Incompétence et simplisme

Dans sa Préface, Christian Paul donne tout de suite le ton : Hadopi est décrite comme "un frein à l'intelligence, un déni de démocratie, un dispositif impraticable, une offense aux principes et aux libertés numériques, bouée de sauvetage lancée comme une improbable aumône aux artistes". La loi a effectivement de nombreux défauts. Mais ce qui frappe surtout d'emblée, c'est que cette loi était obsolète avant même son entrée en application.

Chronique d'un échec annoncé

Hadopi était vouée à l'échec. Immense usine à gaz qui coûtera près de 7 millions d'euros d'après le gouvernement (7 millions qui deviennent vite 30 voire 100 millions d'après les estimations autres que gouvernementales), le projet de loi n'est pas en adéquation avec la réalité. Pas plus avec la réalité des milieux artistiques qu'avec celle du piratage. Pire, on pouvait être sûr que la loi serait inefficace alors même qu'elle n'était pas encore votée. Philippe Langlois (professeur émérite à l'université Paris X, agrégé de droit) précise ainsi que "les réseaux Peer to Peer utilisent des systèmes de caches, des relais et des systèmes d'encryption qui sécurisent les échangent, et les rendent impénétrables au système de surveillance décidé par le pouvoir politique". Il faut dire que la DADVSI (loi relative au Droit d'Auteur et aux Droits Voisins dans la Société de l'Information - 2003) avait déjà échouée. Parmi les peines prévues figuraient 300 000 euros d'amende et 3 ans de prison.

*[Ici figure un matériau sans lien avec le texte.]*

(* A set of positive measure is nonempty, so a trace of positive weight carries
   a labelling: the edge arriving at abscissa x gets a position P x in its flow,
   and consecutive positions are associated at the vertex between them.  We view
   a trace as the graph x |-> T x of a lattice path over an interval [u, v].

   The labelled edges arriving at abscissa x are ordered lexicographically by
   their height T (x-1) + T x, then by their position ("key order").  The four
   association rules are monotone, so if one labelled path dominates another in
   key order on the edges arriving at a vertex column, it still does on the edges
   leaving it (at distinct vertices the heights alone decide).  By induction along
   the common abscissa interval the key order holds on every common edge, whence
   the heights are ordered pointwise.  Since the key order is total at the first
   common edge, one trace lies weakly above the other; traces with at most one
   common abscissa are compared directly. *)

Definition conserved_at (eta : edge -> R) (y : point) : Prop :=
  eta (e_nw y) + eta (e_ne y) = eta (e_sw y) + eta (e_se y).

Lemma e_sw_neq_e_se (y : point) : e_sw y <> e_se y.
Proof. destruct y as [t x]; unfold e_sw, e_se; simpl; intro H; injection H; lia. Qed.

Lemma e_nw_neq_e_ne (y : point) : e_nw y <> e_ne y.
Proof. destruct y as [t x]; unfold e_nw, e_ne; simpl; intro H; injection H; lia. Qed.

Ltac distinct_edges :=
  match goal with
  | H : e_sw ?y = e_se ?y |- _ => exfalso; exact (e_sw_neq_e_se y H)
  | H : e_se ?y = e_sw ?y |- _ => exfalso; exact (e_sw_neq_e_se y (eq_sym H))
  | H : e_nw ?y = e_ne ?y |- _ => exfalso; exact (e_nw_neq_e_ne y H)
  | H : e_ne ?y = e_nw ?y |- _ => exfalso; exact (e_nw_neq_e_ne y (eq_sym H))
  end.

Lemma assoc_sw_nw (eta : edge -> R) (y : point) (p q : R) :
  assoc eta y (e_sw y) p (e_nw y) q ->
  q = p /\ 0 < p /\ p <= eta (e_nw y) /\ p <= eta (e_sw y).
Proof.
  intros [_ [Hp [_ [Hq H]]]].
  destruct H as [[_ [_ [Hmin Heq]]] | [[E _] | [[_ [E _]] | [E _]]]]; try distinct_edges.
  pose proof (Rmin_l (eta (e_sw y)) (eta (e_nw y))).
  pose proof (Rmin_r (eta (e_sw y)) (eta (e_nw y))).
  repeat split; lra.
Qed.

Lemma assoc_sw_ne (eta : edge -> R) (y : point) (p q : R) :
  assoc eta y (e_sw y) p (e_ne y) q ->
  p > eta (e_nw y) /\ q = p - eta (e_nw y) /\ p <= eta (e_sw y) /\ 0 < q.
Proof.
  intros [_ [Hp [_ [Hq H]]]].
  destruct H as [[_ [E _]] | [[E _] | [[_ [_ [H1 H2]]] | [E _]]]]; try distinct_edges.
  repeat split; lra.
Qed.

Lemma assoc_se_nw (eta : edge -> R) (y : point) (p q : R) :
  assoc eta y (e_se y) p (e_nw y) q ->
  q > eta (e_sw y) /\ p = q - eta (e_sw y) /\ q <= eta (e_nw y) /\ 0 < p.
Proof.
  intros [_ [Hp [_ [Hq H]]]].
  destruct H as [[E _] | [[_ [_ [H1 H2]]] | [[E _] | [_ [E _]]]]]; try distinct_edges.
  repeat split; lra.
Qed.

Lemma assoc_se_ne (eta : edge -> R) (y : point) (p q : R) :
  assoc eta y (e_se y) p (e_ne y) q ->
  p > eta (e_se y) - birth eta y /\ q > eta (e_ne y) - birth eta y /\
  eta (e_se y) - p = eta (e_ne y) - q /\ p <= eta (e_se y) /\ q <= eta (e_ne y).
Proof.
  intros [_ [Hp [_ [Hq H]]]].
  destruct H as [[E _] | [[_ [E _]] | [[E _] | [_ [_ [H1 [H2 H3]]]]]]]; try distinct_edges.
  repeat split; lra.
Qed.

Lemma mkedge_sw (m x : Z) : mkedge ((m-1)%Z, (x-1)%Z) (m, x) = e_sw (m, x).
Proof. unfold mkedge, e_sw; simpl. rewrite (proj2 (Z.ltb_lt _ _)) by lia. reflexivity. Qed.

Lemma mkedge_se (m x : Z) : mkedge ((m+1)%Z, (x-1)%Z) (m, x) = e_se (m, x).
Proof. unfold mkedge, e_se; simpl. rewrite (proj2 (Z.ltb_ge _ _)) by lia. reflexivity. Qed.

Lemma mkedge_ne (m x : Z) : mkedge (m, x) ((m+1)%Z, (x+1)%Z) = e_ne (m, x).
Proof. unfold mkedge, e_ne; simpl. rewrite (proj2 (Z.ltb_lt _ _)) by lia. reflexivity. Qed.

Hadopi reprend exactement le même arsenal de peines (en y ajoutant la coupure d'accès à Internet), preuve en est que la DADVSI n'a visiblement pas été d'une grande efficacité. Mais les pouvoirs publics n'ont tiré aucune leçon de l'échec de la DADVSI. De fait, cette succession de lois inopérantes confine à l'absurde. Nicolas Dupont-Aignan (DLR) fait remarquer: "Une des caractéristiques communes à tous ces textes, DADVSI, Hadopi 1 et 2, volet numérique de la LOPPSI, c'est l'inefficacité. Un problème est identifié, on vote une loi dont de nombreux députés de tous les bancs soulignent la stupidité, et on passe au texte suivant".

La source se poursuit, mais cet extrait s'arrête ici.